Input Block Start

(* Let $M$ be a score distribution model with non-negative weights ($w_M(j,k)\ge 0$ for all $j,k$). Let $s_1,s_2$ be road segments with $s_1.\mathit{lb} > s_2.\mathit{ub}$. Then $s_2$ does not contain an optimal subsegment (indeed, no network point of $s_2$ has maximal score $\mathit{score}_M$ over all network points).
   Context: A road network is a directed graph $G=(V,E)$ embedded in the plane: each vertex $v$ has a location $\mathit{loc}(v)\in\mathbb{R}^2$, and each edge $e=(v_i,v_j)$ has length $\|e\|$ equal to the Euclidean distance between its endpoints. A network point is a pair $p=(\mathit{eid},d)$ where $\mathit{eid}$ identifies an edge $e=(v_i,v_j)$ and $d\in[0,1]$ is the ratio of the distance from $v_i$ to the point to $\|e\|$; $P$ is the set of all network points. A road segment is a sequence $\langle p_1,\dots,p_n\rangle$, $n\ge 2$, with $p_1,p_n\in P$, $p_2,\dots,p_{n-1}\in V$, $p_1,p_2$ on the same edge, $p_{n-1},p_n$ on the same edge, and consecutive interior vertices joined by edges; a segment is identified with the set of network points it passes through, and $S$ is the set of segments. A facility $f$ is located at a network point $f.p$. A route usage object $\mathit{ro}=(\mathit{rid},r,\mathit{count},\langle \mathit{usage}_1,\dots,\mathit{usage}_{\mathit{count}}\rangle)$ has a route $r$ which is a road segment. A route $r$ covers a segment $s'$ if every point of $s'$ lies on $r$, and intersects $s'$ if some point of $s'$ lies on $r$; $s'.C$ (resp. $s'.I$) is the set of route usage objects whose routes cover (resp. intersect) $s'$. For a threshold $\delta>0$, a facility $f$ attracts $r$ if the shortest network distance from $f.p$ to $r$ is at most $\delta$. Each route has a score $\mathit{score}(r)\ge0$. A score distribution model $M$: the facilities attracting $r$ partition $r$ into $k$ consecutive subsegments and the $j$-th receives $w_M(j,k)\,\mathit{score}(r)$. The score $\mathit{score}_M(p)$ of a network point $p$ is the sum over all route usage objects whose route contains $p$ of the amount assigned by $M$ to the subsegment of that route containing $p$. For a segment $s$ and route $r_i$ intersecting $s$, $w_M(j_i,k_i)$ denotes the fraction of $\mathit{score}(r_i)$ that $M$ assigns to the $j_i$-th of the $k_i$ subsegments of $r_i$, the one in which $s$ lies. Then $s.\mathit{lb}=\sum_{r_i\in s.C} w_M(j_i,k_i)\mathit{score}(r_i)$ and $s.\mathit{ub}=\sum_{r_i\in s.I} w_M(j_i,k_i)\mathit{score}(r_i)$ (if $s$ meets several subsegments of a route because facilities lie on $s$, the lower bound takes the smallest and the upper bound the largest of these values). An optimal segment is a segment $s_{\mathit{opt}}$ such that (1) all points of $s_{\mathit{opt}}$ have the same $\mathit{score}_M$; (2) for all $p\in s_{\mathit{opt}}$ and $p'\in P$, $\mathit{score}_M(p')\le\mathit{score}_M(p)$; (3) there is no segment $s'\in S$ with $s_{\mathit{opt}}\subset s'$ satisfying (1) and (2). An optimal subsegment is a subsegment of an optimal segment. *)

From HB Require Import structures.
From mathcomp Require Import all_boot all_order all_algebra.
From mathcomp Require Import boolp reals.
Set Implicit Arguments. Unset Strict Implicit. Unset Printing Implicit Defensive.
Import Order.TTheory GRing.Theory Num.Theory.
Local Open Scope ring_scope.

Record road_network (R : realType) := RoadNetwork {
  vertex : finType;
  edge : finType;
  esrc : edge -> vertex;
  etgt : edge -> vertex;
  loc : vertex -> (R * R)%type }.

Section RoadNet.
Variable R : realType.
Variable G : road_network R.

Definition edge_len (e : edge G) : R :=
  let a := loc (esrc e) in let b := loc (etgt e) in
  Num.sqrt ((a.1 - b.1) ^+ 2 + (a.2 - b.2) ^+ 2).

Definition netpoint := (edge G * R)%type.
Definition is_netpoint (p : netpoint) : Prop := 0 <= p.2 <= 1.

Inductive place := PVert of vertex G | PInner of edge G & R.
Definition place_of (p : netpoint) : place :=
  if p.2 == 0 then PVert (esrc p.1)
  else if p.2 == 1 then PVert (etgt p.1) else PInner p.1 p.2.

(* A road segment <p1, v2, ..., v_{n-1}, pn>, represented by the sequence of
   edges it traverses e1 :: rest, the ratio d1 of p1 on e1 and the ratio dn
   of pn on the last edge. *)
Record segment := Segment {
  seg_d1 : R; seg_e1 : edge G; seg_rest : seq (edge G); seg_dn : R }.

Definition seg_edges (s : segment) := seg_e1 s :: seg_rest s.
Definition seg_size (s : segment) := size (seg_edges s).
Definition seg_edge (s : segment) (i : nat) := nth (seg_e1 s) (seg_edges s) i.
Definition seg_last (s : segment) := last (seg_e1 s) (seg_rest s).
Definition seg_lo (s : segment) (i : nat) : R := if i == 0%N then seg_d1 s else 0.
Definition seg_hi (s : segment) (i : nat) : R :=
  if i == (seg_size s).-1 then seg_dn s else 1.

Definition seg_valid (s : segment) : Prop :=
  [/\ 0 <= seg_d1 s <= 1, 0 <= seg_dn s <= 1,
      path (fun e f => etgt e == esrc f) (seg_e1 s) (seg_rest s)
    & seg_rest s = [::] -> seg_d1 s <= seg_dn s].

Definition on_seg (s : segment) (x : place) : Prop :=
  exists i, (i < seg_size s)%N /\
    exists d, seg_lo s i <= d <= seg_hi s i /\ place_of (seg_edge s i, d) = x.

Definition seg_start (s : segment) := place_of (seg_e1 s, seg_d1 s).
Definition seg_end (s : segment) := place_of (seg_last s, seg_dn s).
Definition seg_length (s : segment) : R :=
  \sum_(i < seg_size s) (seg_hi s i - seg_lo s i) * edge_len (seg_edge s i).

Definition covers (r s : segment) : Prop := forall x, on_seg s x -> on_seg r x.
Definition intersects (r s : segment) : Prop := exists x, on_seg s x /\ on_seg r x.

Definition netdist_le (a : place) (r : segment) (delta : R) : Prop :=
  forall eps, 0 < eps -> exists w, [/\ seg_valid w, seg_start w = a,
     on_seg r (seg_end w) & seg_length w < delta + eps].

Definition attracts (delta : R) (f : netpoint) (r : segment) : Prop :=
  netdist_le (place_of f) r delta.

Record route_usage (U : Type) := RouteUsage {
  rid : nat; route : segment; rcount : nat; rusages : seq U }.

Definition route_usage_valid (U : Type) (ro : route_usage U) : Prop :=
  seg_valid (route ro) /\ size (rusages ro) = rcount ro.

(* A score distribution model: weights w_M(j,k) (j is 1-based) and the rule
   by which the facilities attracting a route partition it into its
   consecutive subsegments. *)
Record score_model := ScoreModel {
  wM : nat -> nat -> R;
  partM : segment -> seq netpoint -> seq segment }.

Definition is_partition (r : segment) (subs : seq segment) : Prop :=
  [/\ subs <> [::] /\
        (forall j, (j < size subs)%N -> seg_valid (nth r subs j)),
      forall x, on_seg r x <->
        exists j, (j < size subs)%N /\ on_seg (nth r subs j) x,
      forall j, (j.+1 < size subs)%N ->
        seg_end (nth r subs j) = seg_start (nth r subs j.+1),
      seg_start (nth r subs 0) = seg_start r
    & seg_end (last r subs) = seg_end r].

Section Scores.
Variables (U : Type) (M : score_model) (delta : R) (fs : seq netpoint)
  (ros : seq (route_usage U)) (score : route_usage U -> R).

Definition attracting (ro : route_usage U) : seq netpoint :=
  [seq f <- fs | `[< attracts delta f (route ro) >]].
Definition subsegs (ro : route_usage U) : seq segment :=
  partM M (route ro) (attracting ro).
Definition nsub (ro : route_usage U) : nat := size (subsegs ro).
Definition subseg (ro : route_usage U) (j : nat) : segment :=
  nth (route ro) (subsegs ro) j.
(* 0-based index of the (first) subsegment of ro containing x *)
Definition sub_index (ro : route_usage U) (x : place) : nat :=
  find (fun s => `[< on_seg s x >]) (subsegs ro).

Definition score_at (x : place) : R :=
  \sum_(ro <- ros | `[< on_seg (route ro) x >])
     wM M (sub_index ro x).+1 (nsub ro) * score ro.

Definition meet_weights (ro : route_usage U) (s : segment) : seq R :=
  [seq wM M j.+1 (nsub ro) | j <- iota 0 (nsub ro) & `[< intersects (subseg ro j) s >]].

Definition seg_lb (s : segment) : R :=
  \sum_(ro <- ros | `[< covers (route ro) s >])
     (\big[Order.min/head 0 (meet_weights ro s)]_(x <- meet_weights ro s) x) * score ro.
Definition seg_ub (s : segment) : R :=
  \sum_(ro <- ros | `[< intersects (route ro) s >])
     (\big[Order.max/head 0 (meet_weights ro s)]_(x <- meet_weights ro s) x) * score ro.

Definition same_score (s : segment) : Prop :=
  exists c, forall x, on_seg s x -> score_at x = c.
Definition max_score (s : segment) : Prop :=
  forall x, on_seg s x -> forall p, is_netpoint p -> score_at (place_of p) <= score_at x.
Definition optimal_segment (s : segment) : Prop :=
  [/\ seg_valid s, same_score s, max_score s &
      ~ exists s', [/\ seg_valid s', covers s' s, (exists x, on_seg s' x /\ ~ on_seg s x),
                      same_score s' & max_score s']].
Definition optimal_subsegment (s : segment) : Prop :=
  seg_valid s /\ exists so, optimal_segment so /\ covers so s.

End Scores.
End RoadNet.

(* The lower bound of s1 is at most the score of any point of s1 and the upper
   bound of s2 is at least the score of any point of s2: a route through a point
   of s2 intersects s2 and contributes at most its largest meeting weight, while
   a route covering s1 passes through every point of s1 and contributes at least
   its smallest meeting weight.  Hence every point of s2 scores strictly less
   than the start of s1, so no point of s2 attains the maximal score. *)
From HB Require Import structures.
From mathcomp Require Import all_boot all_order all_algebra.
From mathcomp Require Import boolp reals.
From Stdlib Require List.
Import Order.TTheory GRing.Theory Num.Theory.
Local Open Scope ring_scope.
Set Implicit Arguments. Unset Strict Implicit.

Lemma ler_sum_subpred (T : Type) (R : numDomainType) (r : seq T)
    (P Q : pred T) (F G : T -> R) :
  (forall i, List.In i r -> P i -> Q i /\ F i <= G i) ->
  (forall i, List.In i r -> Q i -> 0 <= G i) ->
  \sum_(i <- r | P i) F i <= \sum_(i <- r | Q i) G i.
Proof.
elim: r => [|i r IHr] PQ G_ge0; first by rewrite !big_nil.
rewrite !big_cons.
have le_rest := IHr (fun j rj => PQ j (or_intror rj))
                    (fun j rj => G_ge0 j (or_intror rj)).
have [Pi|_] := boolP (P i).
  by have [-> FGi] := PQ i (or_introl erefl) Pi; exact: lerD.
case: ifP => Qi //; rewrite -[leLHS]add0r.
by apply: lerD => //; exact: G_ge0 (or_introl erefl) Qi.
Qed.

Lemma bigmax_head_ge0 (R : realDomainType) (l : seq R) :
  (forall y, y \in l -> 0 <= y) -> 0 <= \big[Order.max/head 0 l]_(y <- l) y.
Proof.
case: l => [|y l] l_ge0; first by rewrite big_nil.
apply: le_trans (l_ge0 y (mem_head _ _)) _.
exact: (le_bigmax_seq _ _ xpredT id (mem_head _ _)).
Qed.

Lemma seg_start_on (R : realType) (G : road_network R) (s : segment G) :
  seg_valid s -> on_seg s (seg_start s).
Proof.
move=> [/andP[d1_ge0 d1_le1] _ _ d1_le_dn]; exists 0%N; split=> //.
exists (seg_d1 s); split=> //; rewrite /seg_lo /seg_hi /seg_size /= lexx /=.
by case: (seg_rest s) d1_le_dn => [|e r] /= => [->|].
Qed.

Section ScoreBounds.
Variables (R : realType) (G : road_network R) (U : Type) (M : score_model G).
Variables (delta : R) (fs : seq (netpoint G)) (ros : seq (route_usage G U)).
Variable score : route_usage G U -> R.

Hypothesis wM_ge0 : forall j k, 0 <= wM M j k.
Hypothesis score_ge0 : forall ro, List.In ro ros -> 0 <= score ro.
Hypothesis subsegs_partition :
  forall ro, List.In ro ros -> is_partition (route ro) (subsegs M delta fs ro).

Lemma sub_indexP (ro : route_usage G U) x :
  is_partition (route ro) (subsegs M delta fs ro) -> on_seg (route ro) x ->
  (sub_index M delta fs ro x < nsub M delta fs ro)%N /\
  on_seg (subseg M delta fs ro (sub_index M delta fs ro x)) x.
Proof.
move=> [_ cover _ _ _] /cover[j [lt_j on_j]].
have has_x : has (fun s => `[< on_seg s x >]) (subsegs M delta fs ro).
  by apply/(has_nthP (route ro)); exists j => //; apply/asboolP.
split; first by rewrite /sub_index /nsub -has_find.
by apply/asboolP; exact: (nth_find (route ro) has_x).
Qed.

Lemma sub_index_meet_weights (ro : route_usage G U) (s : segment G) x :
  is_partition (route ro) (subsegs M delta fs ro) ->
  on_seg (route ro) x -> on_seg s x ->
  wM M (sub_index M delta fs ro x).+1 (nsub M delta fs ro)
    \in meet_weights M delta fs ro s.
Proof.
move=> part_ro ro_x s_x; have [lt_idx sub_x] := sub_indexP part_ro ro_x.
apply: map_f; rewrite mem_filter mem_iota /= add0n lt_idx andbT.
by apply/asboolP; exists x.
Qed.

Lemma score_at_le_seg_ub (s : segment G) x :
  on_seg s x -> score_at M delta fs ros score x <= seg_ub M delta fs ros score s.
Proof.
move=> s_x; apply: ler_sum_subpred => ro ros_ro.
  move=> /asboolP ro_x; split; first by apply/asboolP; exists x.
  apply: ler_wpM2r; first exact: score_ge0.
  apply: (le_bigmax_seq _ _ xpredT id) => //.
  exact: sub_index_meet_weights (subsegs_partition ros_ro) ro_x s_x.
move=> _; apply: mulr_ge0; last exact: score_ge0.
by apply: bigmax_head_ge0 => y /mapP[j _ ->].
Qed.

Lemma seg_lb_le_score_at (s : segment G) x :
  on_seg s x -> seg_lb M delta fs ros score s <= score_at M delta fs ros score x.
Proof.
move=> s_x; apply: ler_sum_subpred => ro ros_ro.
  move=> /asboolP covers_s; have ro_x := covers_s x s_x.
  split; first exact/asboolP.
  apply: ler_wpM2r; first exact: score_ge0.
  apply: (ge_bigmin_seq _ _ xpredT id) => //.
  exact: sub_index_meet_weights (subsegs_partition ros_ro) ro_x s_x.
by move=> _; apply: mulr_ge0; [exact: wM_ge0 | exact: score_ge0].
Qed.

Lemma score_at_lt_of_bounds (s1 s2 : segment G) x1 x2 :
  seg_ub M delta fs ros score s2 < seg_lb M delta fs ros score s1 ->
  on_seg s1 x1 -> on_seg s2 x2 ->
  score_at M delta fs ros score x2 < score_at M delta fs ros score x1.
Proof.
move=> lt_ub_lb s1_x1 s2_x2.
apply: le_lt_trans (score_at_le_seg_ub s2_x2) _.
exact: lt_le_trans lt_ub_lb (seg_lb_le_score_at s1_x1).
Qed.

End ScoreBounds.

Theorem lemma3 (R : realType) (G : road_network R) (U : Type)
  (M : score_model G) (delta : R) (fs : seq (netpoint G))
  (ros : seq (route_usage G U)) (score : route_usage G U -> R)
  (s1 s2 : segment G) :
  (forall j k, 0 <= wM M j k) ->
  0 < delta ->
  (forall f, List.In f fs -> is_netpoint f) ->
  (forall ro, List.In ro ros -> route_usage_valid ro) ->
  (forall ro, List.In ro ros -> 0 <= score ro) ->
  (forall ro, List.In ro ros -> is_partition (route ro) (subsegs M delta fs ro)) ->
  seg_valid s1 -> seg_valid s2 ->
  seg_ub M delta fs ros score s2 < seg_lb M delta fs ros score s1 ->
  (~ exists s, optimal_subsegment M delta fs ros score s /\ covers s2 s) /\
  (~ exists p, [/\ is_netpoint p, on_seg s2 (place_of p) &
      forall p', is_netpoint p' ->
        score_at M delta fs ros score (place_of p') <= score_at M delta fs ros score (place_of p)]).
Proof.
move=> wM_ge0 _ _ _ score_ge0 subsegs_partition valid_s1 valid_s2 lt_ub_lb.
pose p1 : netpoint G := (seg_e1 s1, seg_d1 s1).
have netpoint_p1 : is_netpoint p1 by case: valid_s1.
have s1_p1 : on_seg s1 (place_of p1) := seg_start_on valid_s1.
have beaten := score_at_lt_of_bounds wM_ge0 score_ge0 subsegs_partition lt_ub_lb s1_p1.
split.
  move=> [s [[valid_s [so [[_ _ max_so _] so_covers]]] s2_covers]].
  have s_start := seg_start_on valid_s.
  have := max_so _ (so_covers _ s_start) p1 netpoint_p1.
  by rewrite leNgt (beaten _ (s2_covers _ s_start)).
move=> [p [_ s2_p max_p]].
by have := max_p p1 netpoint_p1; rewrite leNgt beaten.
Qed.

Input Block End

Problem → Return, with no change at all, every line in the entries above from the line containing "same_score s' &" through the line containing "by have [->".

Task answer →
                      same_score s' & max_score s']].
Definition optimal_subsegment (s : segment) : Prop :=
  seg_valid s /\ exists so, optimal_segment so /\ covers so s.

End Scores.
End RoadNet.

(* The lower bound of s1 is at most the score of any point of s1 and the upper
   bound of s2 is at least the score of any point of s2: a route through a point
   of s2 intersects s2 and contributes at most its largest meeting weight, while
   a route covering s1 passes through every point of s1 and contributes at least
   its smallest meeting weight.  Hence every point of s2 scores strictly less
   than the start of s1, so no point of s2 attains the maximal score. *)
From HB Require Import structures.
From mathcomp Require Import all_boot all_order all_algebra.
From mathcomp Require Import boolp reals.
From Stdlib Require List.
Import Order.TTheory GRing.Theory Num.Theory.
Local Open Scope ring_scope.
Set Implicit Arguments. Unset Strict Implicit.

Lemma ler_sum_subpred (T : Type) (R : numDomainType) (r : seq T)
    (P Q : pred T) (F G : T -> R) :
  (forall i, List.In i r -> P i -> Q i /\ F i <= G i) ->
  (forall i, List.In i r -> Q i -> 0 <= G i) ->
  \sum_(i <- r | P i) F i <= \sum_(i <- r | Q i) G i.
Proof.
elim: r => [|i r IHr] PQ G_ge0; first by rewrite !big_nil.
rewrite !big_cons.
have le_rest := IHr (fun j rj => PQ j (or_intror rj))
                    (fun j rj => G_ge0 j (or_intror rj)).
have [Pi|_] := boolP (P i).
  by have [-> FGi] := PQ i (or_introl erefl) Pi; exact: lerD.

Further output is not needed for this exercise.